Selon une étude de la RBC dévoilée mardi, environ 43% des répondants continuent de se servir du CELI comme d'un outil d’épargne, au lieu de réaliser des placements aux rendements libres d’impôt.

«Les Canadiens aiment pouvoir utiliser leur CELI pour épargner, mais ils ne devraient pas s’arrêter là. Le véritable avantage de cette solution, ce n’est pas qu’elle peut servir de compte d’épargne à court terme, c’est qu’elle permet d’atteindre ses objectifs», a expliqué Brigitte Felx, planificatrice financière chez RBC.

Cette dernière estime notamment qu’il faut investir les fonds du CELI «pour profiter de la composition des intérêts, qui fait en sorte que les revenus génèrent d’autres revenus. On touche des intérêts sur le placement initial, mais aussi sur les intérêts eux-mêmes».

L’étude de la RBC note que 57% de la population totale dit avoir un CELI, tandis que 52% affirme détenir un régime enregistré d’épargne-retraite (REER).

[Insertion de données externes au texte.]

(* Let $G=(V,E,w)$ be a finite undirected graph with positive vertex weights and $v\in V$, and run the confinement procedure from $v$ (with any choice of extending children at each step). (a) If $v$ is unconfined, then $v$ is sheathed (there is an MWIS of $G$ not containing $v$), and $\alpha_w(G[V\setminus\{v\}])=\alpha_w(G)$. (b) If $v$ is confined with confining set $S_v$, then either $v$ is sheathed or $S_v$ is contained in every MWIS of $G$. Moreover, if some $u\in S_v$ is also confined, with confining set $S_u$, and $v\in S_u$, then $\{u,v\}$ is a simultaneous set.
   Context: $G=(V,E,w)$: finite simple undirected graph, $w:V\to\mathbb{R}^{+}$, $w(S)=\sum_{x\in S}w(x)$. MWIS = maximum weight independent set; MWVC = minimum weight vertex cover. $N(S)=(\bigcup_{x\in S}N(x))\setminus S$, $N[S]=N(S)\cup S$; $G[S]$ is the induced subgraph, $\alpha_w(G[S])$ the maximum weight of an independent set of $G[S]$ ($0$ if $S=\emptyset$). A vertex is sheathed if it lies in some MWVC (equivalently, some MWIS avoids it). A set $X$ is a simultaneous set if either $X$ is contained in some MWIS or $X$ is contained in some MWVC. Child / extending child: for an independent set $S$, a vertex $u\in N(S)$ with $w(u)\ge w(S\cap N(u))$ is a child of $S$; a child $u$ is an extending child if there is exactly one independent set $S^*\subseteq N(u)\setminus N[S]$ with $w(u)<w(S\cap N(u))+w(S^* )$, and this $S^*$ is called a satellite set of $S$. Confinement procedure from $v$: start with $S:=\{v\}$ and repeat: (i) while $S$ has an extending child, add its satellite set to $S$; (ii) if some child $u$ of $S$ satisfies $w(u)\ge w(S\cap N(u))+\alpha_w(G[N(u)\setminus N[S]])$, halt and call $v$ unconfined; (iii) if no child of $S$ is an extending child, halt, call $v$ confined and call $S_v:=S$ its confining set. *)

From mathcomp Require Import all_boot all_order all_algebra.
Set Implicit Arguments. Unset Strict Implicit. Unset Printing Implicit Defensive.
Import Order.TTheory GRing.Theory Num.Theory.
Local Open Scope ring_scope.

(* A finite simple undirected graph is a symmetric irreflexive relation
   [e : rel T] on a finite vertex type [T]; weights are [w : T -> R]. *)
Section Graph.
Variables (T : finType) (R : realFieldType) (e : rel T) (w : T -> R).

Definition wt (S : {set T}) : R := \sum_(x in S) w x.

Definition nbr (x : T) : {set T} := [set y | e x y].

Definition onbhd (S : {set T}) : {set T} :=
  (\bigcup_(x in S) nbr x) :\: S.
Definition cnbhd (S : {set T}) : {set T} := onbhd S :|: S.

Definition independent (S : {set T}) : bool :=
  [forall x in S, forall y in S, ~~ e x y].

Definition vertex_cover (C : {set T}) : bool :=
  [forall x, forall y, e x y ==> (x \in C) || (y \in C)].

Definition alpha_w (X : {set T}) : R :=
  \big[Num.max/0]_(I : {set T} | (I \subset X) && independent I) wt I.

Definition MWIS (I : {set T}) : Prop :=
  independent I /\ forall J, independent J -> wt J <= wt I.

Definition MWVC (C : {set T}) : Prop :=
  vertex_cover C /\ forall D, vertex_cover D -> wt C <= wt D.

Definition sheathed (v : T) : Prop := exists C, MWVC C /\ v \in C.

Definition simultaneous (X : {set T}) : Prop :=
  (exists I, MWIS I /\ X \subset I) \/ (exists C, MWVC C /\ X \subset C).

Definition child (S : {set T}) (u : T) : Prop :=
  u \in onbhd S /\ wt (S :&: nbr u) <= w u.

Definition sat_cand (S : {set T}) (u : T) (S' : {set T}) : Prop :=
  [/\ independent S', S' \subset nbr u :\: cnbhd S
    & w u < wt (S :&: nbr u) + wt S'].

Definition extending_child_with (S : {set T}) (u : T) (Ss : {set T}) : Prop :=
  child S u /\ sat_cand S u Ss /\ forall S', sat_cand S u S' -> S' = Ss.

Definition extending_child (S : {set T}) (u : T) : Prop :=
  exists Ss, extending_child_with S u Ss.

(* Sets reachable by step (i) of the confinement procedure from v,
   for some sequence of choices of extending children. *)
Inductive conf_reach (v : T) : {set T} -> Prop :=
  | conf_start : conf_reach v [set v]
  | conf_step S u Ss : conf_reach v S -> extending_child_with S u Ss ->
      conf_reach v (S :|: Ss).

(* A terminated run of step (i): no extending child remains. *)
Definition conf_final (v : T) (S : {set T}) : Prop :=
  conf_reach v S /\ forall u, ~ extending_child S u.

Definition unconf_test (S : {set T}) : Prop :=
  exists u, child S u /\
    wt (S :&: nbr u) + alpha_w (nbr u :\: cnbhd S) <= w u.

(* The run from v ending at S declares v unconfined / confined (with S_v = S). *)
Definition unconfined_run (v : T) (S : {set T}) : Prop :=
  conf_final v S /\ unconf_test S.
Definition confined_run (v : T) (S : {set T}) : Prop :=
  conf_final v S /\ ~ unconf_test S.

End Graph.

(* The whole argument rests on one exchange operation: for an MWIS I and a
   vertex u, the set I[u] = u + (I \ N(u)) is independent, and it is again an
   MWIS as soon as w(u) dominates the weight of I inside N(u).  If S lies in
   I and u is a child of S, that weight is w(S /\ N(u)) plus the weight of the
   "satellite trace" of I, its vertices in N(u) \ N[S].
   - For an extending child u whose satellite set is not inside I, uniqueness
     of the satellite set forces the trace to be light, so I[u] is an MWIS;
     it meets the set produced by the run strictly less than I does.
     Descending on that intersection shows: if an MWIS contains v, then either
     it contains the final set S_v, or some MWIS avoids v and meets S_v only
     inside the original one (lemma [reach_MWIS]).
   - For a child passing the unconfinement test, the trace is bounded by
     alpha_w(G[N(u) \ N[S]]), so I[u] is an MWIS that misses a vertex of S. *)

From mathcomp Require Import all_boot all_order all_algebra.
From Stdlib Require Import Classical.
Import Order.TTheory GRing.Theory Num.Theory.
Set Implicit Arguments. Unset Strict Implicit. Unset Printing Implicit Defensive.
Local Open Scope ring_scope.

Section Basics.
Variables (T : finType) (R : realFieldType) (e : rel T) (w : T -> R).
Hypothesis w_pos : forall x, 0 < w x.

Lemma independentP (S : {set T}) :
  reflect (forall x y, x \in S -> y \in S -> ~~ e x y) (independent e S).
Proof.
apply: (iffP forallP) => [H x y xS yS | H x].
  by move: (H x); rewrite xS => /forallP/(_ y); rewrite yS.
by apply/implyP => xS; apply/forallP => y; apply/implyP; apply: H.
Qed.

Lemma independentS (A B : {set T}) :
  A \subset B -> independent e B -> independent e A.
Proof.
move=> /subsetP AB /independentP IB.
by apply/independentP => x y /AB xB /AB; apply: IB.
Qed.

Lemma onbhdP (S : {set T}) x :
  reflect (x \notin S /\ exists2 s, s \in S & e s x) (x \in onbhd e S).
Proof.
rewrite /onbhd inE; apply: (iffP andP) => [[xS /bigcupP [s sS]] | [xS [s sS esx]]].
  by rewrite inE => esx; split => //; exists s.
by split => //; apply/bigcupP; exists s; rewrite ?inE.
Qed.

Lemma wt_ge0 (S : {set T}) : 0 <= wt w S.
Proof. by apply: sumr_ge0 => x _; apply: ltW. Qed.

Lemma wt_setC (S : {set T}) : wt w (~: S) = wt w setT - wt w S.
Proof. by rewrite /wt [X in _ = X - _](big_setID S) setTI setTD addrC addKr. Qed.

Lemma vertex_coverE (C : {set T}) : vertex_cover e C = independent e (~: C).
Proof.
apply/forallP/independentP => [H x y | H x].
  rewrite !inE => xC yC; apply/negP => exy.
  by move: (H x) => /forallP/(_ y)/implyP/(_ exy); rewrite (negbTE xC) (negbTE yC).
apply/forallP => y; apply/implyP => exy; apply/norP => -[xC yC].
by move: (H x y); rewrite !inE xC yC exy => /(_ isT isT).
Qed.

(* Complementation turns maximum weight independent sets into minimum weight
   vertex covers, since w(~: I) = w(V) - w(I). *)
Lemma MWIS_setC (I : {set T}) : MWIS e w I -> MWVC e w (~: I).
Proof.
move=> [II maxI]; split; first by rewrite vertex_coverE setCK.
move=> D; rewrite vertex_coverE => /maxI leDI.
by rewrite -[D]setCK (wt_setC (~: D)) wt_setC lerB.
Qed.

Lemma sheathed_of_MWIS (I : {set T}) v :
  MWIS e w I -> v \notin I -> sheathed e w v.
Proof. by move=> MI vI; exists (~: I); split; [apply: MWIS_setC | rewrite inE]. Qed.

Lemma MWIS_exists : exists I, MWIS e w I.
Proof.
have I0 : independent e set0 by apply/independentP => x y; rewrite inE.
have [I II maxI] := @arg_maxP _ R _ set0 (independent e) (wt w) I0.
by exists I; split.
Qed.

Lemma alpha_w_ge (X J : {set T}) :
  independent e J -> J \subset X -> wt w J <= alpha_w e w X.
Proof. by move=> IJ JX; apply: le_bigmax_cond; rewrite JX IJ. Qed.

Lemma alpha_w_MWIS (X K : {set T}) :
  MWIS e w K -> K \subset X -> alpha_w e w X = wt w K.
Proof.
move=> [IK maxK] KX; apply/le_anti; rewrite alpha_w_ge // andbT.
by apply: bigmax_le; [apply: wt_ge0 | move=> J /andP [_ /maxK]].
Qed.

End Basics.

Section Exchange.
Variables (T : finType) (R : realFieldType) (e : rel T) (w : T -> R).
Hypotheses (e_sym : symmetric e) (e_irr : irreflexive e).

Definition exchange (I : {set T}) (u : T) : {set T} := u |: (I :\: nbr e u).

(* The part of I that could serve as a satellite set of S at u:
   the vertices of I in N(u) \ N[S]. *)
Definition satellite_trace (S I : {set T}) (u : T) : {set T} :=
  (I :&: nbr e u) :\: cnbhd e S.

Lemma satellite_trace_sub (S I : {set T}) u :
  satellite_trace S I u \subset I /\
  satellite_trace S I u \subset nbr e u :\: cnbhd e S.
Proof.
split; apply/subsetP => x; rewrite !in_setD in_setI => /and3P [xS xI xN] //.
by rewrite xS xN.
Qed.

Lemma onbhd_notin (S I : {set T}) u :
  independent e I -> S \subset I -> u \in onbhd e S -> u \notin I.
Proof.
move=> /independentP II /subsetP SI /onbhdP [_ [s /SI sI esu]].
by apply/negP => /(II _ _ sI); rewrite esu.
Qed.

Lemma exchange_independent (I : {set T}) u :
  independent e I -> independent e (exchange I u).
Proof.
move=> /independentP II; apply/independentP => x y; rewrite !inE.
case/orP => [/eqP -> | /andP [eux xI]]; case/orP => [/eqP -> | /andP [euy yI]].
- by rewrite e_irr.
- exact: euy.
- by rewrite e_sym.
- exact: II.
Qed.

Lemma exchange_drops (I : {set T}) u s : e u s -> s \notin exchange I u.
Proof.
move=> eus; rewrite !inE eus /= orbF.
by apply/eqP => su; move: eus; rewrite su e_irr.
Qed.

Lemma wt_nbr_split (S I : {set T}) u : independent e I -> S \subset I ->
  wt w (I :&: nbr e u) = wt w (S :&: nbr e u) + wt w (satellite_trace S I u).
Proof.
move=> II SI; rewrite /wt (big_setID S) -!/(wt w _).
rewrite setIC setIA (setIidPl SI); congr (_ + _); congr (wt w _).
apply/setP => x; rewrite /satellite_trace /cnbhd !in_setD in_setU.
case: (boolP (x \in S)) => xS; rewrite ?orbT ?orbF //=.
case: (boolP (x \in I :&: nbr e u)) => xIN; rewrite ?andbF // andbT.
move: xIN; rewrite in_setI => /andP [xI _].
by apply/esym/negP => /(onbhd_notin II SI); rewrite xI.
Qed.

Lemma exchange_MWIS (S I : {set T}) u :
  MWIS e w I -> S \subset I -> u \in onbhd e S ->
  wt w (S :&: nbr e u) + wt w (satellite_trace S I u) <= w u ->
  MWIS e w (exchange I u).
Proof.
move=> [II maxI] SI uNS le_u; split; first exact: exchange_independent.
move=> J /maxI /le_trans; apply.
rewrite /wt (big_setID (nbr e u)) big_setU1 -!/(wt w _) /=; last first.
  by rewrite in_setD negb_and (onbhd_notin II SI uNS) orbT.
by rewrite (wt_nbr_split u II SI) lerD2r.
Qed.

(* Step (i) in terms of an MWIS I containing S: if the satellite set of the
   extending child u is not inside I, then the trace of I is not a satellite
   candidate, so u outweighs it and I[u] is an MWIS. *)
Lemma exchange_extending (S I Ss : {set T}) u :
  MWIS e w I -> S \subset I -> extending_child_with e w S u Ss ->
  ~~ (Ss \subset I) -> MWIS e w (exchange I u).
Proof.
move=> MI SI [[uNS _] [_ uniqSs]] SsI; apply: (exchange_MWIS (S := S)) => //.
have [trI trN] := satellite_trace_sub S I u.
rewrite leNgt; apply/negP => lt_u.
have cand : sat_cand e w S u (satellite_trace S I u).
  by split => //; apply: independentS trI (proj1 MI).
by move: SsI; rewrite -(uniqSs _ cand) trI.
Qed.

Lemma exchange_unconfined (S I : {set T}) u :
  MWIS e w I -> S \subset I -> child e w S u ->
  wt w (S :&: nbr e u) + alpha_w e w (nbr e u :\: cnbhd e S) <= w u ->
  MWIS e w (exchange I u).
Proof.
move=> MI SI [uNS _] le_u; apply: (exchange_MWIS (S := S)) => //; apply: le_trans le_u.
have [trI trN] := satellite_trace_sub S I u.
by rewrite lerD2l alpha_w_ge // (independentS trI (proj1 MI)).
Qed.

End Exchange.

Section Descent.
Variables (T : finType) (R : realFieldType) (e : rel T) (w : T -> R).
Hypotheses (e_sym : symmetric e) (e_irr : irreflexive e).

(* Every set produced by step (i) is independent: a satellite set lies
   outside N[S] and is itself independent. *)
Lemma reach_independent v (S : {set T}) : conf_reach e w v S -> independent e S.
Proof.
elim=> [|{}S u Ss _ /independentP IS [_ [[/independentP ISs SsN _] _]]].
  by apply/independentP => x y /set1P -> /set1P ->; rewrite e_irr.
have cross x y : x \in S -> y \in Ss -> ~~ e x y.
  move=> xS /(subsetP SsN); rewrite /cnbhd !in_setD in_setU negb_or.
  case/andP=> /andP [yNS yS] _; apply/negP => exy.
  by move/negP: yNS; apply; apply/onbhdP; split=> //; exists x.
apply/independentP => x y /setUP [xS | xSs] /setUP [yS | ySs].
- exact: IS.
- exact: cross.
- by rewrite e_sym; apply: cross.
- exact: ISs.
Qed.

Ceux qui ont retiré des fonds de leur compte d’épargne libre d’impôt (35%) l’ont fait pour rembourser une dette (25%); pour un achat spécial ou important (24%); pour une situation d’urgence (20%) ou pour des dépenses courantes (19%).

Selon le sondage, deux titulaires de CELI sur trois (65%) n’ont effectué aucun retrait dans leur compte.

«Les Canadiens ont souvent des fonds qui dorment longtemps dans leurs comptes d’épargne, y compris leurs CELI, a ajouté Mme Felx. Pourquoi ne pas trouver comment les investir pour les faire fructifier? On peut ainsi accroître son épargne de façon flexible pour atteindre ses objectifs à court et à long terme.»

Le sondage a été fait en ligne par la firme Ipsos du 20 au 26 novembre derniers, auprès de 2000 Canadiens de 18 ans ou plus.